▶ **Problem to solve**: Give back, word for word, the lines in the listing below from the one holding "sel_ok sel ->" down to the one holding "- move=> rho_eps_le K HK.", both ends included.

+ + + +

Theorem theorem1 (n : nat) (U : finType) (f : U -> pt n -> pt n)
    (X Om : pset n) (G1 G2 : list (box n)) (F : U -> box n -> box n)
    (rho delta eps : R) (sel : box n -> nat) :
  (forall u, continuous_map (f u)) ->
  pset_sub Om X ->
  (forall b, List.In b G1 -> valid_box b) ->
  (forall b, List.In b G2 -> valid_box b) ->
  (* G1 represents X \ Omega, G2 represents X /\ Omega, G1 u G2 = X *)
  seteq (boxes_set G2) (fun x => X x /\ Om x) ->
  pset_sub (fun x => X x /\ ~ Om x) (boxes_set G1) ->
  pset_sub (boxes_set G1) X ->
  0 <= delta ->
  (exists x, Win f X Om delta x) ->
  0 < rho ->
  (forall u, inclusion_function (f u) (F u)) ->
  (forall u b, valid_box b -> box_sub b X -> wid (F u b) <= rho * wid b) ->
  sel_ok sel ->
  0 < eps ->
  (exists K, algorithm3 F eps sel X G1 G2 K) /\
  (rho * eps <= delta ->
   forall K, algorithm3 F eps sel X G1 G2 K ->
     pset_sub (Win f X Om delta) (interval_part K) /\
     pset_sub (interval_part K) (Win f X Om 0)).
Proof.
move=> _ _ G1_valid G2_valid G2_eq G1_cover G1_sub delta_ge0 _ rho_gt0 F_incl F_wid sel_max eps_gt0.
split.
- have [|D [D_closed GD]] := finite_bisect_closure sel_max eps_gt0 (L := G1 ++ G2).
    by apply/Forall_forall => b /in_app_iff[/G1_valid|/G2_valid].
  have univ L : incl L (G1 ++ G2) -> Forall (in_universe D) L.
    move=> LG; apply/Forall_forall => b /LG Hb; split; last exact: GD.
    by case/in_app_iff: Hb => [/G1_valid|/G2_valid].
  have [K HK] := outer_terminates F sel_max eps_gt0 D_closed nil X
    (univ G1 (incl_appl _ (incl_refl _))) (univ G2 (incl_appr _ (incl_refl _))) (Forall_nil _).
  by exists K.
- move=> rho_eps_le K HK.
  have Hinv := outer_inv_init f F delta eps (Forall_inside G1_valid G1_sub)
    (Forall_inside G2_valid (fun x => (G2_eq x).1))
    (fun x X nO => G1_cover x (conj X nO)) (fun x X O => (G2_eq x).2 (conj X O)).
  have [Hlay HWin] := outer_correct F_incl F_wid rho_gt0 delta_ge0 rho_eps_le HK Hinv.
  have [kap Hwin] := layered_winning F_incl Hlay.
  by split=> //; apply: winning_region_Win0 Hwin.
Qed.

+ + + +

▶ **Task result**:
  sel_ok sel ->
  0 < eps ->
  (exists K, algorithm3 F eps sel X G1 G2 K) /\
  (rho * eps <= delta ->
   forall K, algorithm3 F eps sel X G1 G2 K ->
     pset_sub (Win f X Om delta) (interval_part K) /\
     pset_sub (interval_part K) (Win f X Om 0)).
Proof.
move=> _ _ G1_valid G2_valid G2_eq G1_cover G1_sub delta_ge0 _ rho_gt0 F_incl F_wid sel_max eps_gt0.
split.
- have [|D [D_closed GD]] := finite_bisect_closure sel_max eps_gt0 (L := G1 ++ G2).
    by apply/Forall_forall => b /in_app_iff[/G1_valid|/G2_valid].
  have univ L : incl L (G1 ++ G2) -> Forall (in_universe D) L.
    move=> LG; apply/Forall_forall => b /LG Hb; split; last exact: GD.
    by case/in_app_iff: Hb => [/G1_valid|/G2_valid].
  have [K HK] := outer_terminates F sel_max eps_gt0 D_closed nil X
    (univ G1 (incl_appl _ (incl_refl _))) (univ G2 (incl_appr _ (incl_refl _))) (Forall_nil _).
  by exists K.
- move=> rho_eps_le K HK.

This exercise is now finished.